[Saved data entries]
◇ ◇ ◇

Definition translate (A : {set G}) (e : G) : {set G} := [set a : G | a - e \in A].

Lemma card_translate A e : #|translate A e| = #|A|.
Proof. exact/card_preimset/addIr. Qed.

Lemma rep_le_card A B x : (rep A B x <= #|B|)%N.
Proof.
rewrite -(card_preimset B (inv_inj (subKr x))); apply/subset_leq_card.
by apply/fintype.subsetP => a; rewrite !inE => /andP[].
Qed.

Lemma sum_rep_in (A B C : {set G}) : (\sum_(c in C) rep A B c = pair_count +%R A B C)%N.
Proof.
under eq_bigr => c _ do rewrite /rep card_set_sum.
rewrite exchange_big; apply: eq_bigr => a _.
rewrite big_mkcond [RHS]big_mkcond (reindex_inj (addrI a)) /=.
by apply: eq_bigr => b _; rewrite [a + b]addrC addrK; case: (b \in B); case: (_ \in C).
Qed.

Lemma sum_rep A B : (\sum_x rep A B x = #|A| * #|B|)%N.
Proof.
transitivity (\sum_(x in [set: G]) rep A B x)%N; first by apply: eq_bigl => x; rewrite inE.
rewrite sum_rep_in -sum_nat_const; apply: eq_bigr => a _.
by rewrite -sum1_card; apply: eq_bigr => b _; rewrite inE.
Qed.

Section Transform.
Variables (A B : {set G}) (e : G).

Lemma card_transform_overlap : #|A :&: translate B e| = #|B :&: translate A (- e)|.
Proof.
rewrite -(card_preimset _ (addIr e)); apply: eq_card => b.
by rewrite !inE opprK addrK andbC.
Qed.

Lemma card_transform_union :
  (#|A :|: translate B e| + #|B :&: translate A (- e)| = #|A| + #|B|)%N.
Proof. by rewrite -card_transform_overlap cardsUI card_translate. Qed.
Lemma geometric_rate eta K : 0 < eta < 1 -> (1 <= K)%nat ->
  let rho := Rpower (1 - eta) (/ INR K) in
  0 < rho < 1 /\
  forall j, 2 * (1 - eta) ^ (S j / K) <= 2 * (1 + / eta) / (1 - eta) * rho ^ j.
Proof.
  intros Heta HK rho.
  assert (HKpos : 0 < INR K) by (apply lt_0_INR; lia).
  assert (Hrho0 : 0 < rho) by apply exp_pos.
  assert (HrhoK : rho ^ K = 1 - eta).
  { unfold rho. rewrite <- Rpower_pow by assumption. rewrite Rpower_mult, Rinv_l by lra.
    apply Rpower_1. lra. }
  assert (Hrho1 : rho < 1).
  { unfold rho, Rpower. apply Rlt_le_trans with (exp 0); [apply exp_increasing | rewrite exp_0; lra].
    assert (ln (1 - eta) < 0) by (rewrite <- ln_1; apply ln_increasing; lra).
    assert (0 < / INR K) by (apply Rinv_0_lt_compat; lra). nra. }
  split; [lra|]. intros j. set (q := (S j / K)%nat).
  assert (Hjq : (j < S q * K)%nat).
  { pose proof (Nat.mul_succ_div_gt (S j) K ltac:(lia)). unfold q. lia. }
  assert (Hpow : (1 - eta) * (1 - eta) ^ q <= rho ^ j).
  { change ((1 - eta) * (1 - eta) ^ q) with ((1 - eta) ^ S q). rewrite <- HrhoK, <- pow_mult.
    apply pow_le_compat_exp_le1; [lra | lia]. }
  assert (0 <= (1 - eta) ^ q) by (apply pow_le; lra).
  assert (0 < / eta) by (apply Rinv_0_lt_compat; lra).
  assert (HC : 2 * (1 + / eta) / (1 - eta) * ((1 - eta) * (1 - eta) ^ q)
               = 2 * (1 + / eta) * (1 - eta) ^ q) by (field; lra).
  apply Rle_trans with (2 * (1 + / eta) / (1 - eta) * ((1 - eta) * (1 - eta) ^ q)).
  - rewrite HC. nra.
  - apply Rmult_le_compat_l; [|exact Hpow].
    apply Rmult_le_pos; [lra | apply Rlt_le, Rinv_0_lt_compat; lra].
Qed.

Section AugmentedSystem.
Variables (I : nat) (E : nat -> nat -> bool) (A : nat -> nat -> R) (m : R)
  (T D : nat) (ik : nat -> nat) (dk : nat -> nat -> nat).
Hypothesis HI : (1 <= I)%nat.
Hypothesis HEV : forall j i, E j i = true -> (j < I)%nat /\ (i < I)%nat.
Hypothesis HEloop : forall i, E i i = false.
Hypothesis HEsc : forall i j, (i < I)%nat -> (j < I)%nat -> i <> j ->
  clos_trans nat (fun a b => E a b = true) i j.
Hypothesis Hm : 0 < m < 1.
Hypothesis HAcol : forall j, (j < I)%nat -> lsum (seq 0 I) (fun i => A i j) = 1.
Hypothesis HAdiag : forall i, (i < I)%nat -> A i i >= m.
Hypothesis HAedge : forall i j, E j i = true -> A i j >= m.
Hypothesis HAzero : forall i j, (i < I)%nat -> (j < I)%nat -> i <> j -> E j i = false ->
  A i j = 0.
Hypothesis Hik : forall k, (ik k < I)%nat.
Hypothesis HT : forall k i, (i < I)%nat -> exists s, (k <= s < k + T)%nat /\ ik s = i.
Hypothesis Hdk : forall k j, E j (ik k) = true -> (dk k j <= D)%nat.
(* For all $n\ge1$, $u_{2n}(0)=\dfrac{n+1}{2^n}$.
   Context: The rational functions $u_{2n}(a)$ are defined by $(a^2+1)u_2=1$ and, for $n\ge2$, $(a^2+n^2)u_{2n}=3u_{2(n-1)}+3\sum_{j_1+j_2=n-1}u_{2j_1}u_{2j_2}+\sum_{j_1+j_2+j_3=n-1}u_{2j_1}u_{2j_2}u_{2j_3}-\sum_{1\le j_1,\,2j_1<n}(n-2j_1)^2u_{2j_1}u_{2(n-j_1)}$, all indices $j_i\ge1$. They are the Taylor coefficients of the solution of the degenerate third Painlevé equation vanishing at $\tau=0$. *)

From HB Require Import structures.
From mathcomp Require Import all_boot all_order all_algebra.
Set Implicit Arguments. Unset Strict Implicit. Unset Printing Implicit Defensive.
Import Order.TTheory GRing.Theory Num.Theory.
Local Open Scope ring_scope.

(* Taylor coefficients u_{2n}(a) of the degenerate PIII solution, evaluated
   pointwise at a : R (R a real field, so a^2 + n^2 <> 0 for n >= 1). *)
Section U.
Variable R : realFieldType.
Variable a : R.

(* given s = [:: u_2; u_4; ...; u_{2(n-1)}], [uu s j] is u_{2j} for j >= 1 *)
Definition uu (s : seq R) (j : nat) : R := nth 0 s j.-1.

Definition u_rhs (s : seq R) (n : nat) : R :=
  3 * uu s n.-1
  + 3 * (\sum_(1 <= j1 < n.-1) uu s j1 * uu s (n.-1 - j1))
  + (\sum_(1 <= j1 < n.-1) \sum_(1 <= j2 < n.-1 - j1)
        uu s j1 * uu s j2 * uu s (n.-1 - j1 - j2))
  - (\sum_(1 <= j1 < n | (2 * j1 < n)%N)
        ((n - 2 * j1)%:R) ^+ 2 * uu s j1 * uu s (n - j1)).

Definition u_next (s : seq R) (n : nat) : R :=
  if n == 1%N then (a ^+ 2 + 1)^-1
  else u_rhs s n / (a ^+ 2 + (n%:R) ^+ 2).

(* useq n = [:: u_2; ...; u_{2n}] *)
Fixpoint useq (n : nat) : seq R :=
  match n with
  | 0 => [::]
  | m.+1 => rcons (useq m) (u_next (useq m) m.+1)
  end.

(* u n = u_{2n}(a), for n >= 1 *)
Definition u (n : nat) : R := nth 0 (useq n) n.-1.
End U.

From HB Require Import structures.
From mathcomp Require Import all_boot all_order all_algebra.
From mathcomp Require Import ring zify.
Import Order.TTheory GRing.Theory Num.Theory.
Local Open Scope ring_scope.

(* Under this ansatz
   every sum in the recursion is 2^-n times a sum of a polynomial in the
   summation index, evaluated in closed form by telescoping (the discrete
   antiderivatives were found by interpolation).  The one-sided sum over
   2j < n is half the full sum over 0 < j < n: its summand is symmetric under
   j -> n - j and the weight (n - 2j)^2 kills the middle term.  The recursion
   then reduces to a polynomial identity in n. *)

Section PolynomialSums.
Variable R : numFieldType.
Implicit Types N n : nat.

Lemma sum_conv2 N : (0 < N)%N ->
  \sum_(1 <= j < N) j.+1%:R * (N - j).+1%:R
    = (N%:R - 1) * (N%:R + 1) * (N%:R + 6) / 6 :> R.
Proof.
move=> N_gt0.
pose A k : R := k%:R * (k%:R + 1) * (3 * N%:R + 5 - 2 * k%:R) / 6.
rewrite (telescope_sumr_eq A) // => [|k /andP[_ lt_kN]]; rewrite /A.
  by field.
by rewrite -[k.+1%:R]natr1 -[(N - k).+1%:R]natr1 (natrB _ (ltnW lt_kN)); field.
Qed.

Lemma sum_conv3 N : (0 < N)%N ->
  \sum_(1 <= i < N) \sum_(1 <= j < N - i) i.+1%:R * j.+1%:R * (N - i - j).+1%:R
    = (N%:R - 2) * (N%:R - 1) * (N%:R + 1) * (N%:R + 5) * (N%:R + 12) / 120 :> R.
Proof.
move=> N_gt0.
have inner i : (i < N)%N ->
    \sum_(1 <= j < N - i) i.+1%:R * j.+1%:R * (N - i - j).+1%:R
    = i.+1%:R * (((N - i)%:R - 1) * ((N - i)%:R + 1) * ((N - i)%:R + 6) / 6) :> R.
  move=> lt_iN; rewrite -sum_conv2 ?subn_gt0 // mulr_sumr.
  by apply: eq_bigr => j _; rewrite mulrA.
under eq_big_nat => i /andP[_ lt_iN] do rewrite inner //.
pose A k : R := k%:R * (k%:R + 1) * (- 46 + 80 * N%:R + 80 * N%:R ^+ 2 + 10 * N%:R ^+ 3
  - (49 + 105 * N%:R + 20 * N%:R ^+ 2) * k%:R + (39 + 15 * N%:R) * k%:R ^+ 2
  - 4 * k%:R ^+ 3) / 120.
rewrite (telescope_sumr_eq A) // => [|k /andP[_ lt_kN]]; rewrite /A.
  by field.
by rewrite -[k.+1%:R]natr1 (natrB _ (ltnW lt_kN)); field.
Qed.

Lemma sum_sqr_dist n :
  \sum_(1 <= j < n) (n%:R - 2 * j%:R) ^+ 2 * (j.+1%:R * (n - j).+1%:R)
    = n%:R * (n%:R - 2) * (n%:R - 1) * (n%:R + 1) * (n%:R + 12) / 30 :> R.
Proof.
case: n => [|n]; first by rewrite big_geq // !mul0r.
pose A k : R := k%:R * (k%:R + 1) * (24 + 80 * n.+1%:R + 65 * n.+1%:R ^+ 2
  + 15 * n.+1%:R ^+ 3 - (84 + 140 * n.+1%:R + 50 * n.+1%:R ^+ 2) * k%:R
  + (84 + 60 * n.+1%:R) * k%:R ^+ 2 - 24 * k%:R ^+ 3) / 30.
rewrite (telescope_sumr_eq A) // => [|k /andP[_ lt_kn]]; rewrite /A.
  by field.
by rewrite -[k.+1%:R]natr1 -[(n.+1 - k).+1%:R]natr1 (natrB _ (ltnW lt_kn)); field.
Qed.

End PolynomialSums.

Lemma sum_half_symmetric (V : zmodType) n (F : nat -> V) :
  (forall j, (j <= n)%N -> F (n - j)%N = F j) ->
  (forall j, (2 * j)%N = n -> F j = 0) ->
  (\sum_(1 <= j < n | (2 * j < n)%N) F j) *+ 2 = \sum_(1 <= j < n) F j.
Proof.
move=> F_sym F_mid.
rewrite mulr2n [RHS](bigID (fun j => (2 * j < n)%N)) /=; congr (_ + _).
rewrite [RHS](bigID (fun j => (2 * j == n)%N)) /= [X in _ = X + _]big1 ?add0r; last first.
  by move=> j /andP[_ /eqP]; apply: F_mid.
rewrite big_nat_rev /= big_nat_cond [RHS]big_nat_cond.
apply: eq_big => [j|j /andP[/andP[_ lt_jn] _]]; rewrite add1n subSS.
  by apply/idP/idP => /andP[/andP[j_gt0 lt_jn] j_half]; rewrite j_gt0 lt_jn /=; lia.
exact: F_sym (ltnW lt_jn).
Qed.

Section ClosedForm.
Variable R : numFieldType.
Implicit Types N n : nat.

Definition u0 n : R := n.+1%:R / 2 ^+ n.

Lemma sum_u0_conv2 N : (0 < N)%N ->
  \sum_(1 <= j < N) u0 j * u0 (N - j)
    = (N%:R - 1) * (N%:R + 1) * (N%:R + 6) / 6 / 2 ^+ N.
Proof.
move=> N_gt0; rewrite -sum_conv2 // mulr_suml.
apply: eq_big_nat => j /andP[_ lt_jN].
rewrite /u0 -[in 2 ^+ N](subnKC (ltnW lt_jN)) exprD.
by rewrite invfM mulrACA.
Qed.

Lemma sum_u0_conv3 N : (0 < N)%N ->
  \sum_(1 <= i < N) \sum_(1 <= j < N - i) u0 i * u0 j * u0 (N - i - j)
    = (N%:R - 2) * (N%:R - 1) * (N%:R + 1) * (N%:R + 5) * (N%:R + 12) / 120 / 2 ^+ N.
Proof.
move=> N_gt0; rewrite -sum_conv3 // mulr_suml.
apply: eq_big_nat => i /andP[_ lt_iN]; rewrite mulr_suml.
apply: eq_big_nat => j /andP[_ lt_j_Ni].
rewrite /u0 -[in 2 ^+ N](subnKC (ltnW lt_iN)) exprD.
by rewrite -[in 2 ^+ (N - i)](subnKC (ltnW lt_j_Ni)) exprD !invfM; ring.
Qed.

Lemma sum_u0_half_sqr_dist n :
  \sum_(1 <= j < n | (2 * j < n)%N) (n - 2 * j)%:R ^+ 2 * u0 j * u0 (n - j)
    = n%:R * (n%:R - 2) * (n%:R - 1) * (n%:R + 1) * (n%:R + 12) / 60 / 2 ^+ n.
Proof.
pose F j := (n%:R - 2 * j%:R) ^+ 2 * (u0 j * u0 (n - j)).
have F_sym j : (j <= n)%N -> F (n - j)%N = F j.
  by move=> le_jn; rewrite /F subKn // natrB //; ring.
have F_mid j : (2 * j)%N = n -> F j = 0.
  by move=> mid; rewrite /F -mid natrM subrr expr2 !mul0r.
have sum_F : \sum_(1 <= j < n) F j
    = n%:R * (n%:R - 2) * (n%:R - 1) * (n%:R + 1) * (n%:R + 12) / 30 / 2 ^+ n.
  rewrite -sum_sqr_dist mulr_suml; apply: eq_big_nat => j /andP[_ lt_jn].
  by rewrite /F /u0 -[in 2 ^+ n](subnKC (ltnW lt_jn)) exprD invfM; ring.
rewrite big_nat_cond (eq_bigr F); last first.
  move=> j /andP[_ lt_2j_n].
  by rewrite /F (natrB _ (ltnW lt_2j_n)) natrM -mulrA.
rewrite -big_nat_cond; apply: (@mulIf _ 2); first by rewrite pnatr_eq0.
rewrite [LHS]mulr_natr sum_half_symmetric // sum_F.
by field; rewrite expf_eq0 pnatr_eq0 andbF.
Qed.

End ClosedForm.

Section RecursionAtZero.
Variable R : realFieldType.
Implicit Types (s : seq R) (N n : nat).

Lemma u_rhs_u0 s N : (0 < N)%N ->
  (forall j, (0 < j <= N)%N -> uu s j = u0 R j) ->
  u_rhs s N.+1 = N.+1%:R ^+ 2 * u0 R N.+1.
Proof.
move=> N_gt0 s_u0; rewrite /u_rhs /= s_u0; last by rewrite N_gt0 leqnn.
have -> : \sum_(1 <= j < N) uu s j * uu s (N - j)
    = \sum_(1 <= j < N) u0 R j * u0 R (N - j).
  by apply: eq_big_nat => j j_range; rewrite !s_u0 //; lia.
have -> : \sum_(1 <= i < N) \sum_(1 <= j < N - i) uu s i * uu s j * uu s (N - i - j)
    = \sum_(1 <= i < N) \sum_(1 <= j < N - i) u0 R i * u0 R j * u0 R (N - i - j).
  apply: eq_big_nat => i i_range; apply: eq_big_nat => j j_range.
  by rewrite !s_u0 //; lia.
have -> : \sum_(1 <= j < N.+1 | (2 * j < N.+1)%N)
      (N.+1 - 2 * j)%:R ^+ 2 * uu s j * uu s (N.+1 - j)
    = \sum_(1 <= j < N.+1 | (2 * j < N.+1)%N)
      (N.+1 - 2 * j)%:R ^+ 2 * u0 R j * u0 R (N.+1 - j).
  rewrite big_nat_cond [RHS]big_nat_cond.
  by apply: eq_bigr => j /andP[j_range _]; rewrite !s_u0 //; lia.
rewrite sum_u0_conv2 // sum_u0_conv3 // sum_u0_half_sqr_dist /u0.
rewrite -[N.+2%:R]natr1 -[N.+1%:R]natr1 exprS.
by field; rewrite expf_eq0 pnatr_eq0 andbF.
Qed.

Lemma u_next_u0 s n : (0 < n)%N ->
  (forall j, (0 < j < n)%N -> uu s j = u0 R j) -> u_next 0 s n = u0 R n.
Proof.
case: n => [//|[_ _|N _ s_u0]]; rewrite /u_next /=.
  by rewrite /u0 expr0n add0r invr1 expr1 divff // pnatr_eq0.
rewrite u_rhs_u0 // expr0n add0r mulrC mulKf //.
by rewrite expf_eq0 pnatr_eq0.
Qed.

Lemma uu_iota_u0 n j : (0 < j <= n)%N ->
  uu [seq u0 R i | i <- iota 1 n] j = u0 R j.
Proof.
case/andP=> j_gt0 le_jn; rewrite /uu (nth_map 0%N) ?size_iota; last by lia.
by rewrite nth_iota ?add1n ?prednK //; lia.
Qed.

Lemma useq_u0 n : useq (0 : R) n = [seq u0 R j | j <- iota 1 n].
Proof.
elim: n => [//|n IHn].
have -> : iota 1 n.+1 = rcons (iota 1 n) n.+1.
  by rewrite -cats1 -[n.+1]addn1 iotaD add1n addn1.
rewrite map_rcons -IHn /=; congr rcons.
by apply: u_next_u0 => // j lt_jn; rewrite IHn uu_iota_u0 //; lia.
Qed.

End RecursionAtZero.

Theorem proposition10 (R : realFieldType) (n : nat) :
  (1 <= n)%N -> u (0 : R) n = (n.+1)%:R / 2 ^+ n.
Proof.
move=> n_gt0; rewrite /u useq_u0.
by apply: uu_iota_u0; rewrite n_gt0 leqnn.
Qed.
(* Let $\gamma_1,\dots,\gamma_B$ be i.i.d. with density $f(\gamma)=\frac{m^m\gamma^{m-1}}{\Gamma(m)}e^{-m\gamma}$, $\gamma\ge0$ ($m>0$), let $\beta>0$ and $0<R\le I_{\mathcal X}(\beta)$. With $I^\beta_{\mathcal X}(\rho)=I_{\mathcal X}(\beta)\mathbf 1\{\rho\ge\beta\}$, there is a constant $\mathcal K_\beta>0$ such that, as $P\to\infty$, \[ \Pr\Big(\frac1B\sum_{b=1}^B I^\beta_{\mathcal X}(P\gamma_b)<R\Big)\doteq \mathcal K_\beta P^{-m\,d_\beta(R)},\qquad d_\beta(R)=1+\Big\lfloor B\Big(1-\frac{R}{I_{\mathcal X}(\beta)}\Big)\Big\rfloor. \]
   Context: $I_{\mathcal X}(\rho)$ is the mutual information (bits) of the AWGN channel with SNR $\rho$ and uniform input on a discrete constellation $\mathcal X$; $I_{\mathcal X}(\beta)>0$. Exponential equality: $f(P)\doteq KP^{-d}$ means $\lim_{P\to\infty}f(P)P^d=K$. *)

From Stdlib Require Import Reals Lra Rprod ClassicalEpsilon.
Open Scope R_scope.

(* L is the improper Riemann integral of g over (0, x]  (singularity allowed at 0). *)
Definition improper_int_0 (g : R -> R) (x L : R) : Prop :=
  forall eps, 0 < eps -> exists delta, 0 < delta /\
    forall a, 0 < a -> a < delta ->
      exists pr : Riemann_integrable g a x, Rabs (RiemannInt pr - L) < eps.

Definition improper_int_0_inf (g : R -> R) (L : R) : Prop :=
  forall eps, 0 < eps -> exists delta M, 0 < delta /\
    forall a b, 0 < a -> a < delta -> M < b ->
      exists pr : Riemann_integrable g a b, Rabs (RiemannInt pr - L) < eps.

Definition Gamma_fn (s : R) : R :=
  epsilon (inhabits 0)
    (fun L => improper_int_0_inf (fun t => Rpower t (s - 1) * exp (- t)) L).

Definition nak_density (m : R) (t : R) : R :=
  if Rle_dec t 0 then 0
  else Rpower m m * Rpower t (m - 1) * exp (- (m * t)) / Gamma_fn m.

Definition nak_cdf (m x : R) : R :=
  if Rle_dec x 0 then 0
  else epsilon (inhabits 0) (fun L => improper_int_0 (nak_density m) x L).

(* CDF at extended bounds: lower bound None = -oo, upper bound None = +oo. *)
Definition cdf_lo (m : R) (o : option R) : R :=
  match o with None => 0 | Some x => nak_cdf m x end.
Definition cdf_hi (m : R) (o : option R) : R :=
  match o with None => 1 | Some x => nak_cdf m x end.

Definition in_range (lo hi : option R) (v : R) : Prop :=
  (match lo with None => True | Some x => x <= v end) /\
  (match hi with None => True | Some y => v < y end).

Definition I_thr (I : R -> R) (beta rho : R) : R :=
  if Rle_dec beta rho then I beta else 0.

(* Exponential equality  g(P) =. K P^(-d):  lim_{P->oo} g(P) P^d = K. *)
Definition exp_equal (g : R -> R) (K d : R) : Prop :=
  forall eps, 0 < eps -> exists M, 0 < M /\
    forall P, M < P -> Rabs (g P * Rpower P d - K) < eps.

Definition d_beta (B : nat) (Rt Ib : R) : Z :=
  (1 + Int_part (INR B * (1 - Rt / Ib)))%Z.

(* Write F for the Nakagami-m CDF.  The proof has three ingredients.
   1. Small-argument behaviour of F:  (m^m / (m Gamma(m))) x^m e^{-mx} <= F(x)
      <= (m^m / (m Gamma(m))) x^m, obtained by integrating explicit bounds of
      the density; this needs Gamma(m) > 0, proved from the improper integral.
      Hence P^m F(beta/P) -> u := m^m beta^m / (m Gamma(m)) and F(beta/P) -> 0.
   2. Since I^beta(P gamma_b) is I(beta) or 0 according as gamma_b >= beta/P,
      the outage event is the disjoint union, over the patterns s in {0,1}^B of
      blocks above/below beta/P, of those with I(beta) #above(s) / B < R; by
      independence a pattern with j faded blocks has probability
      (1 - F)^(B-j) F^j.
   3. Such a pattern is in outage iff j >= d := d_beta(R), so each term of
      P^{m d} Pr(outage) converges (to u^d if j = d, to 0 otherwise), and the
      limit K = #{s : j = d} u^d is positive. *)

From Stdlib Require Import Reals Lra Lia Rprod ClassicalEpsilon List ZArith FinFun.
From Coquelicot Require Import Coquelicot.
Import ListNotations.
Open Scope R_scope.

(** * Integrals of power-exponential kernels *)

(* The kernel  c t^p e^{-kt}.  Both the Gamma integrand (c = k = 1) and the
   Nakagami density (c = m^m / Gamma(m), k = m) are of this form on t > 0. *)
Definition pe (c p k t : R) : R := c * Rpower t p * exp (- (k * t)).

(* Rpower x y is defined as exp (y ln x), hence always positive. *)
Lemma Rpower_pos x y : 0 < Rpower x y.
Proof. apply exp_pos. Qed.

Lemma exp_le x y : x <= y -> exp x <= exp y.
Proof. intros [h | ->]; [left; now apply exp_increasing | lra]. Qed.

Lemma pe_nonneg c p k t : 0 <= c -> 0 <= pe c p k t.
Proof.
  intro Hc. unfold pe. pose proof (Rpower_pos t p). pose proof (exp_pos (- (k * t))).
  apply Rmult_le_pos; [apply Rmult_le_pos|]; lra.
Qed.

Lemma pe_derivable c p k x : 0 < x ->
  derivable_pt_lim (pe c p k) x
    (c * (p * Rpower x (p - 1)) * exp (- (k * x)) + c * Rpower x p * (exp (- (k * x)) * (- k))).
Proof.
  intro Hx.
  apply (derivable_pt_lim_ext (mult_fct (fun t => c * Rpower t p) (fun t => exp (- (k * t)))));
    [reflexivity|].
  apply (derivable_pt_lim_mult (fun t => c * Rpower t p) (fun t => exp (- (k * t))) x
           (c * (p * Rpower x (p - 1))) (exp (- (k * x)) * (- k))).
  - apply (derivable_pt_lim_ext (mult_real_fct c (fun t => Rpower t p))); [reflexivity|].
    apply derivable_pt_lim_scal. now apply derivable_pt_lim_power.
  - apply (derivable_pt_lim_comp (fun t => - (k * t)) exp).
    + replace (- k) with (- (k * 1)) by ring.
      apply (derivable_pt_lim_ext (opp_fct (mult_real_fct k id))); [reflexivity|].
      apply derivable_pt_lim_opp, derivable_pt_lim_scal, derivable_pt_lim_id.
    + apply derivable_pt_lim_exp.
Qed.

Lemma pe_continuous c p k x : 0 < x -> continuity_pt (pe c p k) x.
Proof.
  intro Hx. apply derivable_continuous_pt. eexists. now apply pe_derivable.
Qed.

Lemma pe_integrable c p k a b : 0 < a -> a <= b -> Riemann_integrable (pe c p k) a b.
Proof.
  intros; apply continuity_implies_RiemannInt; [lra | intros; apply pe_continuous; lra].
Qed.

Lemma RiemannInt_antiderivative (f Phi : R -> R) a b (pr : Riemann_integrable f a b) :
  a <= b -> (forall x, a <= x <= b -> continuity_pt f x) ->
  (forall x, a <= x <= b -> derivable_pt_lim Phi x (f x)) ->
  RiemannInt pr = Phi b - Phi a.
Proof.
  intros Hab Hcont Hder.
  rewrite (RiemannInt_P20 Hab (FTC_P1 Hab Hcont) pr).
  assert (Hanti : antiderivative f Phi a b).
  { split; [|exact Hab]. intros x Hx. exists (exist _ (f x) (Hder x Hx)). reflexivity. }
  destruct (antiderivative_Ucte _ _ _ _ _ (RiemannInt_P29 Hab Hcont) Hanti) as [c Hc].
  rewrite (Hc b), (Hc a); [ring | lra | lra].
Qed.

◇ ◇ ◇

▶ _Problem requirements_:
An exact copy of the lines above, from the one containing "Definition improper_int_0_inf (g" down to the one containing "if Rle_dec x 0 then 0" and including both, is the whole answer; retype it and nothing else.

▶ _Expected answer_:
Definition improper_int_0_inf (g : R -> R) (L : R) : Prop :=
  forall eps, 0 < eps -> exists delta M, 0 < delta /\
    forall a b, 0 < a -> a < delta -> M < b ->
      exists pr : Riemann_integrable g a b, Rabs (RiemannInt pr - L) < eps.

Definition Gamma_fn (s : R) : R :=
  epsilon (inhabits 0)
    (fun L => improper_int_0_inf (fun t => Rpower t (s - 1) * exp (- t)) L).

Definition nak_density (m : R) (t : R) : R :=
  if Rle_dec t 0 then 0
  else Rpower m m * Rpower t (m - 1) * exp (- (m * t)) / Gamma_fn m.

Definition nak_cdf (m x : R) : R :=
  if Rle_dec x 0 then 0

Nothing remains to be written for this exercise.